Blink and you’ll miss this electron: super-fast molecule snapshot

Scientists have found a new way of observing electrons – an astonishing feat given the speeds they move at.

Electrons are subatomic particles which move around the much larger atom nucleus. They travel at the speed of attoseconds – one quintillionth of a second. There are about twice as many attoseconds in a second as there have been seconds since the beginning of the universe.

The German and US team used powerful lasers to observe the electron’s behaviour when the water molecule it belongs to is hit with an X-ray.

“Until now, radiation chemists could only resolve events at the picosecond timescale, a million times slower than an attosecond,” says Linda Young, a distinguished fellow at the Argonne National Laboratory, US.

“It’s kind of like saying ‘I was born and then I died.’ You’d like to know what happens in between. That’s what we are now able to do.”

The researchers, who initially set out to study ionising radiation in nuclear waste, are hoping their achievement will help them to better understand how radiation influences molecules.

The study is published in Science.

The researchers used an X-ray free electron laser to examine electrons in a flat, thin sheet of water. Their technology, at the SLAC National Accelerator Laboratory, leans on research that won the 2023 Nobel Prize in Physics for observing things at attosecond pace.

Thin sheet of water close up
To record the movement of electrons excited by X-ray radiation, scientists create a thin, approximately 1 centimeter-wide, sheet of liquid water as a target for the X-ray beam. Credit: Emily Nienhuis | Pacific Northwest National Laboratory

“We now have a tool where, in principle, you can follow the movement of electrons and see newly ionised molecules as they’re formed in real-time,” says Young.
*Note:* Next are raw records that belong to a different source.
(* In the setting below, the minimum distance $d$ of $\mathrm{UB}(a,\ell)$ satisfies $$d\le\min\{\mathrm{wt}(a)^{\ell}+1,\ \mathrm{wt}(h)\}.$$
   Context: Setting. Let $n\ge 2$ and $\mathcal R_n=\mathbb F_2[x]/(x^n-1)$. Identifications and weights. Vectors in $\mathbb F_2^n$ are identified with elements of $\mathcal R_n$ via $c\mapsto\sum_ic_ix^i$. $\mathrm{wt}(g)$ is the number of nonzero coefficients of the degree-$<n$ representative of $g$. $\mathrm{Circ}(g)$ is the $n\times n$ binary matrix whose $i$-th row is the coefficient vector of $x^ig(x)$. Code data. Let $a(x)\in\mathbb F_2[x]$ with $a\mid x^n-1$ and $1\le r:=\deg a<n$. Let $\ell\ge1$, $t=2^\ell$, $b=a^t\in\mathcal R_n$, and $h=(x^n-1)/a\in\mathbb F_2[x]$. The univariate bicycle code $\mathrm{UB}(a,\ell)$ is the CSS code on $2n$ qubits with $H_X=[\mathrm{Circ}(a),\mathrm{Circ}(b)]$ and $H_Z=[\mathrm{Circ}(b)^{\mathsf T},\mathrm{Circ}(a)^{\mathsf T}]$. Distances. With $\ker(H)=\{c:Hc^{\mathsf T}=0\}$ and $\mathrm{rs}$ the row space, define $d_Z=\min\{\mathrm{wt}(v):v\in\ker(H_Z)\setminus\mathrm{rs}(H_X)\}$, define $d_X=\min\{\mathrm{wt}(v):v\in\ker(H_X)\setminus\mathrm{rs}(H_Z)\}$, and set $d=\min(d_X,d_Z)$. Here the weight of a vector in $\mathbb F_2^{2n}$ is its number of nonzero entries. *)

From HB Require Import structures.
From mathcomp Require Import all_boot all_order all_algebra.
Set Implicit Arguments. Unset Strict Implicit. Unset Printing Implicit Defensive.
Import GRing.Theory.
Local Open Scope ring_scope.

(* Polynomials over F_2; R_n = F_2[x]/(x^n - 1) is handled through the
   degree-< n representative  g %% ('X^n - 1). *)
Notation F2poly := {poly 'F_2}.

Definition modn_poly (n : nat) (g : F2poly) : F2poly := g %% ('X^n - 1).

Definition pwt (n : nat) (g : F2poly) : nat :=
  #|[set j : 'I_n | (modn_poly n g)`_j != 0]|.

Definition Circ (n : nat) (g : F2poly) : 'M['F_2]_n :=
  \matrix_(i < n, j < n) (modn_poly n ('X^i * g))`_j.

Definition vwt (m : nat) (v : 'rV['F_2]_m) : nat := #|[set j : 'I_m | v 0 j != 0]|.

Definition UB_b (n : nat) (a : F2poly) (l : nat) : F2poly :=
  modn_poly n (a ^+ (2 ^ l)).

Definition UB_HX (n : nat) (a : F2poly) (l : nat) : 'M['F_2]_(n, n + n) :=
  row_mx (Circ n a) (Circ n (UB_b n a l)).

Definition UB_HZ (n : nat) (a : F2poly) (l : nat) : 'M['F_2]_(n, n + n) :=
  row_mx (Circ n (UB_b n a l))^T (Circ n a)^T.

(* min { wt v : v in ker(H1) \ rs(H2) }.  The default value (2n+1 for length
   2n) exceeds every possible weight, so it plays the role of +infinity
   (minimum of the empty set). *)
Definition css_dist (m k : nat) (H1 H2 : 'M['F_2]_(k, m)) : nat :=
  \big[minn/m.+1]_(v : 'rV['F_2]_m | (H1 *m v^T == 0) && ~~ (v <= H2)%MS) vwt v.

Definition UB_dZ (n : nat) (a : F2poly) (l : nat) : nat :=
  css_dist (UB_HZ n a l) (UB_HX n a l).
Definition UB_dX (n : nat) (a : F2poly) (l : nat) : nat :=
  css_dist (UB_HX n a l) (UB_HZ n a l).
Definition UB_d (n : nat) (a : F2poly) (l : nat) : nat :=
  minn (UB_dX n a l) (UB_dZ n a l).

From HB Require Import structures.
From mathcomp Require Import all_boot all_order all_algebra.
From mathcomp Require Import zify.
Import Order.TTheory GRing.Theory.
Local Open Scope ring_scope.

(** Both bounds come from explicit Z-logical operators, written as pairs of
    polynomials (p, q) in R_n.  The pair (p, q) is in ker H_Z exactly when
    p b + q a = 0, and it lies in rs(H_X) exactly when (p, q) = (f a, f b)
    for some f.  The pair (1, a^(t-1)) is in the kernel because b = a^t and
    we are in characteristic 2; it is no stabilizer since 1 = f a would make
    the non-constant divisor a of x^n - 1 a unit.  Writing t - 1 as
    1 + 2 + ... + 2^(l-1) and using that squaring is additive, hence never
    increases weight, its weight is at most 1 + wt(a)^l.  The pair (0, h) is
    in the kernel since h a = x^n - 1, and is no stabilizer since f a = 0
    forces f b = 0 while h is a nonzero polynomial of degree < n. *)

Lemma F2_neq0_eq1 (c : 'F_2) : c != 0 -> c = 1.
Proof. by case: c => [[|[|m]]] //= ? _; apply: val_inj. Qed.

Lemma pchar2_polyF2 : (2 \in [pchar {poly 'F_2}])%N.
Proof. by rewrite pchar_poly pchar_Fp. Qed.

Lemma css_dist_le (m k : nat) (H1 H2 : 'M['F_2]_(k, m)) v :
  H1 *m v^T == 0 -> ~~ (v <= H2)%MS -> (css_dist H1 H2 <= vwt v)%N.
Proof.
move=> h1 h2; rewrite /css_dist -minEnat.
by apply: (@bigmin_le_cond _ nat _ m.+1 v); rewrite h1.
Qed.

Section CyclicReduction.

Variable n : nat.
Hypothesis n_gt0 : (0 < n)%N.
Local Notation M := ('X^n - 1 : {poly 'F_2}).
Implicit Types p q f g : {poly 'F_2}.

Lemma size_Xn_sub1 : size M = n.+1.
Proof. exact: size_XnsubC. Qed.

Lemma Xn_sub1_neq0 : M != 0.
Proof. by rewrite -size_poly_eq0 size_Xn_sub1. Qed.

Lemma size_modn_poly p : (size (modn_poly n p) <= n)%N.
Proof. by have := ltn_modp p M; rewrite Xn_sub1_neq0 size_Xn_sub1. Qed.

Lemma modn_poly_small p : (size p <= n)%N -> modn_poly n p = p.
Proof. by move=> sp; rewrite /modn_poly modp_small // size_Xn_sub1. Qed.

Lemma modn_poly_id p : modn_poly n (modn_poly n p) = modn_poly n p.
Proof. exact: modp_id. Qed.

Lemma modn_polyMmod p q :
  modn_poly n (modn_poly n p * modn_poly n q) = modn_poly n (p * q).
Proof. by rewrite /modn_poly modp_mul mulrC modp_mul mulrC. Qed.

Lemma modn_poly_sum (I : Type) (r : seq I) (P : pred I) (F : I -> {poly 'F_2}) :
  modn_poly n (\sum_(i <- r | P i) F i) = \sum_(i <- r | P i) modn_poly n (F i).
Proof. exact: (big_morph _ (fun p q => modpD M p q) (mod0p M)). Qed.

Lemma modn_poly_eq0 p : (modn_poly n p == 0) = (M %| p).
Proof. exact/eqP/modp_eq0P. Qed.

Lemma modn_poly_Xn k : modn_poly n 'X^k = 'X^(k %% n).
Proof.
rewrite /modn_poly {1}(divn_eq k n); elim: (k %/ n)%N => [|q IH].
  by rewrite add0n modp_small // size_polyXn size_Xn_sub1 ltnS ltn_pmod.
have XnM : 'X^n * 'X^(k %% n) = 'X^(k %% n) * M + 'X^(k %% n) :> {poly 'F_2}.
  by rewrite mulrC mulrBr mulr1 subrK.
rewrite mulSn -addnA exprD -modp_mul IH XnM modp_addl_mul_small //.
by rewrite size_polyXn size_Xn_sub1 ltnS ltn_pmod.
Qed.

Definition psupp p := [set j : 'I_n | (modn_poly n p)`_j != 0].

Lemma pwtE p : pwt n p = #|psupp p|.
Proof. by []. Qed.

Lemma modn_poly_supp p : modn_poly n p = \sum_(j in psupp p) 'X^j.
Proof.
have -> : modn_poly n p = \sum_(j < n) (modn_poly n p)`_j *: 'X^j.
  rewrite -poly_def; apply/polyP => k; rewrite coef_poly; case: ltnP => // nk.
  exact/nth_default/(leq_trans (size_modn_poly p)).
rewrite [RHS]big_mkcond; apply: eq_bigr => j _; rewrite inE.
by case: eqP => [->|/eqP /F2_neq0_eq1 ->]; rewrite ?scale0r ?scale1r.
Qed.

Lemma pwt_modn_poly p : pwt n (modn_poly n p) = pwt n p.
Proof. by rewrite /pwt modn_poly_id. Qed.

Lemma pwt_sumXn_le (I : finType) (A : {set I}) (f : I -> nat) :
  (pwt n (\sum_(i in A) 'X^(f i)) <= #|A|)%N.
Proof.
pose g i : 'I_n := Ordinal (ltn_pmod (f i) n_gt0).
apply: leq_trans (leq_imset_card g A); apply: subset_leq_card.
apply/subsetP => j; rewrite !inE modn_poly_sum; under eq_bigr do rewrite modn_poly_Xn.
apply: contraR => jNg; rewrite coef_sum big1 // => i iA.
rewrite coefXn; case: eqP => // ej; case/negP: jNg.
by apply/imsetP; exists i => //; apply: val_inj.
Qed.

Lemma pwt0 : pwt n 0 = 0%N.
Proof.
apply/eqP; rewrite cards_eq0; apply/eqP/setP => j.
by rewrite !inE /modn_poly mod0p coef0 eqxx.
Qed.

Lemma pwt1_le : (pwt n 1 <= 1)%N.
Proof.
have -> : (1 : {poly 'F_2}) = \sum_(i in [set ord0 : 'I_1]) 'X^0.
  by rewrite big_set1 expr0.
by apply: leq_trans (pwt_sumXn_le _ _ _) _; rewrite cards1.
Qed.

Lemma pwtM_le p q : (pwt n (p * q) <= pwt n p * pwt n q)%N.
Proof.
rewrite -pwt_modn_poly -modn_polyMmod pwt_modn_poly.
rewrite (modn_poly_supp p) (modn_poly_supp q) big_distrlr /=.
under eq_bigr do under eq_bigr do rewrite -exprD.
rewrite pair_big_dep /= (eq_bigl (fun u => u \in setX (psupp p) (psupp q))).
  by rewrite !pwtE -cardsX; exact: pwt_sumXn_le.
by move=> [i j]; rewrite in_setX.
Qed.

(** Squaring is the Frobenius map, so it sends a sum of monomials to a sum of
    as many monomials. *)
Lemma pwt_sqr_le p : (pwt n (p ^+ 2) <= pwt n p)%N.
Proof.
rewrite expr2 -pwt_modn_poly -modn_polyMmod -expr2 pwt_modn_poly modn_poly_supp.
rewrite -(pFrobenius_autE pchar2_polyF2) rmorph_sum /=.
under eq_bigr do rewrite pFrobenius_autE -exprM.
exact: pwt_sumXn_le.
Qed.

Lemma pwt_exp2_pred_le a l : (pwt n (a ^+ (2 ^ l - 1)) <= pwt n a ^ l)%N.
Proof.
elim: l => [|l IH]; first by rewrite subnn expr0 pwt1_le.
have -> : (2 ^ l.+1 - 1 = 1 + (2 ^ l - 1) * 2)%N.
  by rewrite expnS; have := expn_gt0 2 l; lia.
rewrite exprD exprM expr1 expnS; apply: leq_trans (pwtM_le _ _) _.
by rewrite leq_mul2l (leq_trans (pwt_sqr_le _) IH) orbT.
Qed.

Definition rVmodn p : 'rV['F_2]_n := poly_rV (modn_poly n p).

Lemma vwt_rVmodn p : vwt (rVmodn p) = pwt n p.
Proof. by apply: eq_card => j; rewrite !inE mxE. Qed.

Lemma rVpolyK_modn (D : 'rV['F_2]_n) : rVmodn (rVpoly D) = D.
Proof. by rewrite /rVmodn modn_poly_small ?rVpolyK ?size_poly. Qed.

Lemma rVmodn_eq p q : (rVmodn p == rVmodn q) = (M %| p - q).
Proof.
rewrite -modn_poly_eq0 /modn_poly modpD modpN subr_eq0 /rVmodn.
apply/eqP/eqP => [/(congr1 rVpoly)|e]; last by rewrite /modn_poly e.
by rewrite !poly_rV_K ?size_modn_poly.
Qed.

Lemma rVmodn_eq0 p : (rVmodn p == 0) = (M %| p).
Proof.
have -> : 0 = rVmodn 0 by rewrite /rVmodn /modn_poly mod0p linear0.
by rewrite rVmodn_eq subr0.
Qed.

Lemma rVmodn_mulCirc p g : rVmodn p *m Circ n g = rVmodn (p * g).
Proof.
apply/rowP => j; rewrite !mxE; under eq_bigr do rewrite !mxE.
have -> : modn_poly n (p * g) = modn_poly n (\sum_(i in psupp p) 'X^i * g).
  by rewrite -mulr_suml -modn_poly_supp /modn_poly [in RHS]mulrC modp_mul mulrC.
rewrite modn_poly_sum coef_sum [RHS]big_mkcond /=; apply: eq_bigr => i _.
by rewrite inE; case: eqP => [->|/eqP /F2_neq0_eq1 ->]; rewrite ?mul0r ?mul1r.
Qed.

Lemma Circ_modn_poly g : Circ n (modn_poly n g) = Circ n g.
Proof. by apply/matrixP => i j; rewrite !mxE /modn_poly modp_mul. Qed.

Lemma vwt_row_rVmodn p q :
  vwt (row_mx (rVmodn p) (rVmodn q)) = (pwt n p + pwt n q)%N.
Proof.
rewrite /vwt -!sum1_card big_split_ord -!vwt_rVmodn /vwt -!sum1_card.
by congr (_ + _)%N; apply: eq_bigl => i; rewrite !inE ?row_mxEl ?row_mxEr.
Qed.

Section UnivariateBicycle.

Variables (a : {poly 'F_2}) (l : nat).
Local Notation t := (2 ^ l)%N.

Lemma UB_HZ_kerE p q :
  (UB_HZ n a l *m (row_mx (rVmodn p) (rVmodn q))^T == 0) =
  (M %| p * a ^+ t + q * a).
Proof.
rewrite /UB_HZ /UB_b tr_row_mx mul_row_col -!trmx_mul -linearD trmx_eq0.
by rewrite Circ_modn_poly !rVmodn_mulCirc -rVmodn_eq0 /rVmodn /modn_poly modpD linearD.
Qed.

Lemma sub_UB_HX_rowspace p q :
  (row_mx (rVmodn p) (rVmodn q) <= UB_HX n a l)%MS ->
  exists f, (M %| p - f * a) && (M %| q - f * a ^+ t).
Proof.
case/submxP => D; rewrite /UB_HX /UB_b mul_mx_row Circ_modn_poly.
move=> /eq_row_mx [Ep Eq]; exists (rVpoly D).
by rewrite -!rVmodn_eq -!rVmodn_mulCirc rVpolyK_modn Ep Eq !eqxx.
Qed.

Lemma UB_dZ_le_logical p q :
  M %| p * a ^+ t + q * a ->
  (forall f, M %| p - f * a -> ~~ (M %| q - f * a ^+ t)) ->
  (UB_dZ n a l <= pwt n p + pwt n q)%N.
Proof.
move=> ker notHX; rewrite -vwt_row_rVmodn; apply: css_dist_le.
  by rewrite UB_HZ_kerE.
by apply/negP => /sub_UB_HX_rowspace [f /andP [/notHX /negP]].
Qed.

Hypothesis a_dvd : a %| M.
Hypothesis a_nonconst : (1 < size a)%N.

Lemma UB_dZ_le_pwt_exp : (UB_dZ n a l <= (pwt n a ^ l).+1)%N.
Proof.
have t_gt0 : (0 < t)%N by rewrite expn_gt0.
apply: leq_trans (UB_dZ_le_logical 1 (a ^+ (t - 1)) _ _) _.
- by rewrite mul1r -exprSr subn1 prednK // addrr_pchar2 ?pchar2_polyF2 ?dvdp0.
- move=> f /(dvdp_trans a_dvd); rewrite dvdp_subl ?dvdp_mull // dvdp1.
  by rewrite (gtn_eqF a_nonconst).
- by rewrite -[(_ ^ l).+1]add1n leq_add ?pwt1_le ?pwt_exp2_pred_le.
Qed.

Lemma UB_dZ_le_pwt_check : (UB_dZ n a l <= pwt n (M %/ a))%N.
Proof.
have hM : M %/ a * a = M by exact: divpK.
have h_neq0 : M %/ a != 0.
  by apply: contra_neq Xn_sub1_neq0 => h0; rewrite -hM h0 mul0r.
apply: leq_trans (UB_dZ_le_logical 0 (M %/ a) _ _) _; last by rewrite pwt0.
- by rewrite mul0r add0r hM.
- move=> f; rewrite sub0r dvdpNr => Mfa.
  have Mfat : M %| f * a ^+ t.
    by rewrite -(prednK (expn_gt0 2 l)) exprS mulrA dvdp_mulr.
  rewrite dvdp_subl //; apply/negP => /(dvdp_leq h_neq0).
  rewrite size_divp ?size_Xn_sub1 -?size_poly_eq0; last by case: (size a) a_nonconst.
  by case: (size a) a_nonconst => // s; lia.
Qed.

End UnivariateBicycle.
End CyclicReduction.

Theorem corollary2 (n : nat) (a : {poly 'F_2}) (l : nat) :
  (2 <= n)%N ->
  a %| 'X^n - 1 ->
  (1 <= (size a).-1)%N -> ((size a).-1 < n)%N ->
  (1 <= l)%N ->
  (UB_d n a l <= minn ((pwt n a) ^ l).+1 (pwt n (('X^n - 1) %/ a)))%N.
Proof.
move=> n_ge2 a_dvd deg_a_gt0 _ _.
have n_gt0 : (0 < n)%N by apply: leq_trans n_ge2.
have a_nonconst : (1 < size a)%N by move: deg_a_gt0; case: (size a).
apply: leq_trans (geq_minr _ _) _; rewrite leq_min.
by rewrite UB_dZ_le_pwt_exp ?UB_dZ_le_pwt_check.
Qed.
They were able to spot electrons absorbing X-rays and becoming more excited, before the bigger atomic nucleus sprang into action.

As well as providing proof-of-concept, the research helped to explain perplexing X-ray signals seen in previous water experiments.

“Basically, what people were seeing in previous experiments was the blur caused by moving hydrogen atoms,” says Young. “We were able to eliminate that movement by doing all of our recording before the atoms had time to move.”